E·ratio

 

 

13 · 2010

 

 

2 Poems

 

  by Anne Fitzgerald

 

 

 

 

Airmails

 

 

Did you hear the latest, all the rage apparently,

this pyramid selling lark, grows like dandelions.

 

Aunt Hanna’s great granddaughter sent some twenty

dollar bills from Illinois no less, sporting a brick family

 

of pyramids, with visionary Masonic eyes, and an army

of George Washington’s, to keep us honest, her copper

 

plated words says: not for bets or booze, so here’s a soft

pack of them Lucky Strikes, wrapped in a Good Sheppard

 

novena, to be read thrice daily for seven whole sunsets

Lets indulgences sought hover as if them same-said low

 

slung clouds that looms, as bamboo shoots are stripped

clean by Pandas in Dublin’s a Zoological Gardens. Droves

 

head for d’Hudson; or dream of rivers roaming different lands,

say like the Nile flowing into Edfu, Kom Ombo and the Aswan,

 

paralleling the Red Sea, up above Luxor towards Hurghada

with Suez in sight. Where the Mediterranean flows into d’basins

 

of Bitter Lakes, opens sea route between Europe and Asia

Minor, Minor, echoes of history pages: Sultans ‘n sultanas,

 

golden turmeric ’n cayenne, rough silken Ottomans colour

the Sinai as if a caravan of rainbows arcing desert sands;

 

all mounds form little triangles; angling as aspiring pyramids

mirrors the divinity of ancient Egyptians and distant cousins. 

 

 

 

 

 

 

 

Mrs.

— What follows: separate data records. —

Lemma step_at o : o \in s ->
  step e M (state_at (index o s)) o = Some (state_at (index o s).+1).
Proof.
move=> os; have := run_slice (leqnSn (index o s)).
rewrite -add1n -take_drop (drop_nth o) ?index_mem // nth_index //= take0.
by case: step.
Qed.

Lemma step_eval v :
  step e M (state_at (eval_time v)) (Compute v) = Some (state_at (eval_time v).+1).
Proof. exact: step_at (mem_eval v). Qed.

Lemma eval_time_inj : injective eval_time.
Proof. by move=> v w /(index_inj (Compute v) (mem_eval v) (mem_eval w)) []. Qed.

Lemma eval_time_edge u v : e u v -> eval_time u < eval_time v.
Proof.
move=> uv; have [_ parents _] := step_Compute (step_eval v).
have [fast_done _ _ _] := state_at_consistent (eval_time v).
by have := subsetP fast_done u (parents u uv); rewrite done_state_at inE.
Qed.

Lemma eval_order_leq v w :
  (index v eval_order <= index w eval_order) = (eval_time v <= eval_time w).
Proof.
have sorted_X : sorted (relpre eval_time leq) eval_order.
  by apply: sort_sorted => x y; exact: leq_total.
have X_all u : u \in eval_order by rewrite mem_sort mem_enum.
have le_index := sorted_leq_index (fun _ _ _ => @leq_trans _ _ _) (fun _ => leqnn _) sorted_X.
apply/idP/idP => [|le_vw]; first exact: le_index (X_all v) (X_all w).
rewrite leqNgt; apply/negP => lt_wv.
have le_wv := le_index _ _ (X_all w) (X_all v) (ltnW lt_wv).
have vw : v = w by apply/eval_time_inj/anti_leq; rewrite le_vw le_wv.
by rewrite vw ltnn in lt_wv.
Qed.

Lemma eval_order_topo : topo_order e eval_order.
Proof.
split=> [|v|u v uv]; first by rewrite sort_uniq enum_uniq.
  by rewrite mem_sort mem_enum.
by rewrite ltnNge eval_order_leq -ltnNge eval_time_edge.
Qed.

Definition eval_convex (S : {set T}) : Prop :=
  forall x y z, x \in S -> z \in S ->
    eval_time x <= eval_time y <= eval_time z -> y \in S.

Lemma contiguous_eval_convex P S :
  contiguous_partition eval_order P -> S \in P -> eval_convex S.
Proof.
move=> [_ contig] SP x y z xS zS /andP[le_xy le_yz].
by apply: (contig S SP x y z); rewrite // eval_order_leq.
Qed.

Definition partially_evaluated (S : {set T}) (k : nat) : bool :=
  [exists x in S, eval_time x < k] && [exists z in S, k <= eval_time z].

Definition io_window (S : {set T}) : {set 'I_(size s)} :=
  [set i | is_io (op_at i) && partially_evaluated S i].

Lemma partially_evaluated_unique P S S' k : contiguous_partition eval_order P ->
  S \in P -> S' \in P -> partially_evaluated S k -> partially_evaluated S' k -> S = S'.
Proof.
move=> PX SP S'P; have /and3P[_ trivP _] := PX.1.
have meet A B : A \in P -> B \in P -> [exists x in A, x \in B] -> A = B.
  move=> AP BP /existsP[x /andP[xA xB]]; apply/eqP; apply: contraT => neqAB.
  have := trivIsetP trivP A B AP BP neqAB.
  by move/disjointFr/(_ xA); rewrite xB.
move=> /andP[/exists_inP[x xS ltx] /exists_inP[z zS lez]].
move=> /andP[/exists_inP[x' xS' ltx'] /exists_inP[z' zS' lez']].
have [le_xx'|le_x'x] := leqP (eval_time x) (eval_time x').
  apply: (meet _ _ SP S'P); apply/exists_inP; exists x' => //.
  apply: (contiguous_eval_convex PX SP xS zS).
  by rewrite le_xx' (leq_trans (ltnW ltx') lez).
apply/esym/(meet _ _ S'P SP); apply/exists_inP; exists x => //.
apply: (contiguous_eval_convex PX S'P xS' zS').
by rewrite (ltnW le_x'x) (leq_trans (ltnW ltx) lez').
Qed.

Lemma mem_slice a b o : o \in drop a (take b s) ->
  exists i : 'I_(size s), [/\ a <= i, i < b & op_at i = o].
Proof.
move=> /(nthP o)[j]; rewrite size_drop size_take_min ltn_subRL ltn_min.
case/andP=> lt_b lt_s; rewrite nth_drop nth_take // => sj.
by exists (Ordinal lt_s); rewrite /op_at (tnth_nth o) leq_addr.
Qed.

Lemma boundary_out_resident S u v z : eval_convex S ->
  u \in S -> v \notin S -> e u v -> z \in S -> {in S, forall y, eval_time y <= eval_time z} ->
  u \in fast (state_at (eval_time z).+1) \/
  exists2 i : 'I_(size s), partially_evaluated S i & op_at i = Write u.
Proof.
move=> convS uS vS uv zS zmax; have lt_uv := eval_time_edge uv.
have lt_zv : eval_time z < eval_time v.
  rewrite ltnNge; apply: contra vS => le_vz.
  by apply: (convS u v z); rewrite ?(ltnW lt_uv).
have [_ _ _ kept] := state_at_consistent (eval_time z).+1.
have needed_u : needed e (state_at (eval_time z).+1) u.
  by apply/existsP; exists v; rewrite uv done_state_at inE -leqNgt.
have uD : u \in done (state_at (eval_time z).+1) by rewrite done_state_at inE ltnS zmax.
case/orP: (kept u uD needed_u) => [uF | uS1]; [by left | right].
have uS0 : u \notin slow (state_at (eval_time u)).
  have [_ slow_done_u _ _] := state_at_consistent (eval_time u).
  by apply: contra (subsetP slow_done_u u) _; rewrite done_state_at inE ltnn.
have le_uz : eval_time u <= (eval_time z).+1 by rewrite ltnW // ltnS zmax.
have [i [le_ui lt_iz opi]] := mem_slice (run_slow_Write (run_slice le_uz) uS0 uS1).
exists i => //; have lt_ui : eval_time u < i.
  rewrite ltn_neqAle le_ui andbT; apply/eqP => ui; move: opi.
  by rewrite /op_at (tnth_nth (Compute u)) -ui nth_index ?mem_eval.
by apply/andP; split; apply/exists_inP; [exists u | exists z].
Qed.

Arty Magoo

 

 

For the love of money, terrible things

Prudence did do, to rid herself of Arty

 

Magoo.  You see she had such notions. 

Not Casey’s of avariciousness though

 

more, she deserved a place in the light. 

In light of the fact that she’d won seven

 

long jumps and two or three cross country

hurdles thingamajigs, or such like yokes

 

she has a verve for the edge of real things

imagined in unimaginable conditions,

 

favourable for sunny spells and scattered

showers as a low line depression fogs her

 

perspective of what passes before her eyes. 

Buys time for her to process limbs at odd

 

angles, shadows wrestle darkness as moon-

light plays tricks, as if sequences on Come

 

Dancing caught in the spin of a foxtrot sashay. 

Says she’d swim the channel faster than a canoe,

 

knows her own mind, is what’s mostly

said.  Lead she was, like an innocent abroad

 

who’d lost her way down Venetian alleys

whose puddles wobble spires when stepped upon.

 

On account of her state of fairly graphic play

on Tiddley winks, and winking at young Ludo Lill,

 

chess was to find no home nor three card trick,

as Prudence turns d’odd trick, ménage á trios usually

 

le fresco, she has a weak spot for the bark of oaks

says it’s the rough surface she’s after, not the fall

 

of dappled sunlight clothing her body in after glow,

as glow worms come up for air, as if stowaways.

 

 

 

 

Anne Fitzgerald’s collections are The Map of Everything (Dublin, Forty Foot Press, 2006), and Swimming Lessons (Wales, Stonebridge, 2001).  She is a recipient of The Ireland Fund of Monaco Writer-in-Residence at The Princess Grace Irish Library in Monaco.